Top Review by lizalouise
This is a great recipe! I'm always looking for quick, easy ways to use soba noodles. Good sauce to noodle ratio and nice flavor. The only change I made was to add some blanched broccoli. Perfect for a tasty on the go lunch or quick dinner!
For the sauce
- 59.16 ml peanut butter
- 14.79 ml soy sauce
- 29.58 ml honey
- 29.58 ml water
- 1 clove garlic, minced
- 7.39 ml rice vinegar
- 9.85 ml sesame oil
- crushed red pepper flakes (to taste)
- 113.39 g cooked soba noodles (or regular spaghetti)
- 1 red bell pepper, cut in strips
- 118.29 ml julienned carrot
- 2 green onions, sliced
- 118.29 ml peanuts (I like the Spanish redskins; roasted will do, also)

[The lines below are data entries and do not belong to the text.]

(* Shifting every coordinate of arm [a] by the same amount in the direction
   [sg beta_i] is the cheapest way (equality in Cauchy-Schwarz) to move its
   mean from [m a] to [t a]. *)
Definition retarget (t : 'I_K.+1 -> R) : 'I_K.+1 -> 'I_J -> R :=
  fun a i => mu a i + (t a - m a) / S * Num.sg (beta i).

Lemma arm_mean_retarget t a : arm_mean beta (retarget t) a = t a.
Proof.
rewrite /arm_mean /retarget; under eq_bigr do rewrite mulrDr.
rewrite big_split /=; under [X in _ + X]eq_bigr do rewrite mulrCA [beta _ * _]mulrC -normrEsg.
by rewrite -mulr_sumr divfK ?gt_eqF // addrC subrK.
Qed.

Lemma alt_cost_retarget_le w t : (forall a i, 0 <= w a i) ->
  alt_cost w (retarget t)
    <= \sum_(a < K.+1) (\sum_(i < J) w a i) * (t a - m a) ^+ 2 / (2 * sigma ^+ 2 * S ^+ 2).
Proof.
move=> w_ge0; have C_gt0 : 0 < 2 * sigma ^+ 2 * S ^+ 2 by rewrite !mulr_gt0 ?exprn_gt0.
apply: ler_sum => a _; rewrite -mulrA mulr_suml.
apply: ler_sum => i _; apply: ler_wpM2l => //.
have -> : kl_gauss sigma (mu a i) (retarget t a i)
    = (t a - m a) ^+ 2 / (2 * sigma ^+ 2 * S ^+ 2) * Num.sg (beta i) ^+ 2.
  by rewrite /kl_gauss /retarget; field; rewrite !gt_eqF.
rewrite ler_piMr ?divr_ge0 ?sqr_ge0 ?(ltW C_gt0) // sqr_sg.
by case: (_ != 0); rewrite ?ler01.
Qed.

(* The order of arms [0] and [b] is reversed around [p]; the offset [s] keeps
   arm [0] apart from the unmoved arms. *)
Definition two_arm_target (b : 'I_K.+1) (p s : R) (c : 'I_K.+1) : R :=
  if c == ord0 then p + s
  else if c == b then p + (if m ord0 < m b then 0 else 2) * s
  else m c.

Lemma two_arm_target_Alt b p : b != ord0 ->
  exists2 delta, 0 < delta &
    forall s, 0 < s < delta -> Alt beta mu (retarget (two_arm_target b p s)).
Proof.
move=> b_neq0; have [delta delta_gt0 gap] := exists_gap_right m p.
exists delta => // s s_range; have /andP[s_gt0 _] := s_range; split.
  move=> a a_neq0; rewrite !arm_mean_retarget /two_arm_target eqxx (negbTE a_neq0).
  have [_|_] := eqVneq a b; last exact: gap.
  by apply/eqP; case: ifP => _ ?; lra.
apply/negP => /eqP/setP/(_ b).
rewrite !inE b_neq0 /= !arm_mean_retarget /two_arm_target eqxx (negbTE b_neq0) eqxx.
by case: ifP => [_|/negbT]; rewrite -?leNgt => ?; lra.
Qed.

Directions See How It's Made
- Combine sauce ingredients thoroughly.
- Toss cooked soba noodles (or spaghetti) with vegetables.
- Add sauce and combine to coat everything.
- (Since the flavors are so intense, I like my noodles a little on the"dry" side-- you can make this dish more"saucy" if you wish.) Add peanuts, adjust seasoning, and chill in the refrigerator for at least 30 minutes.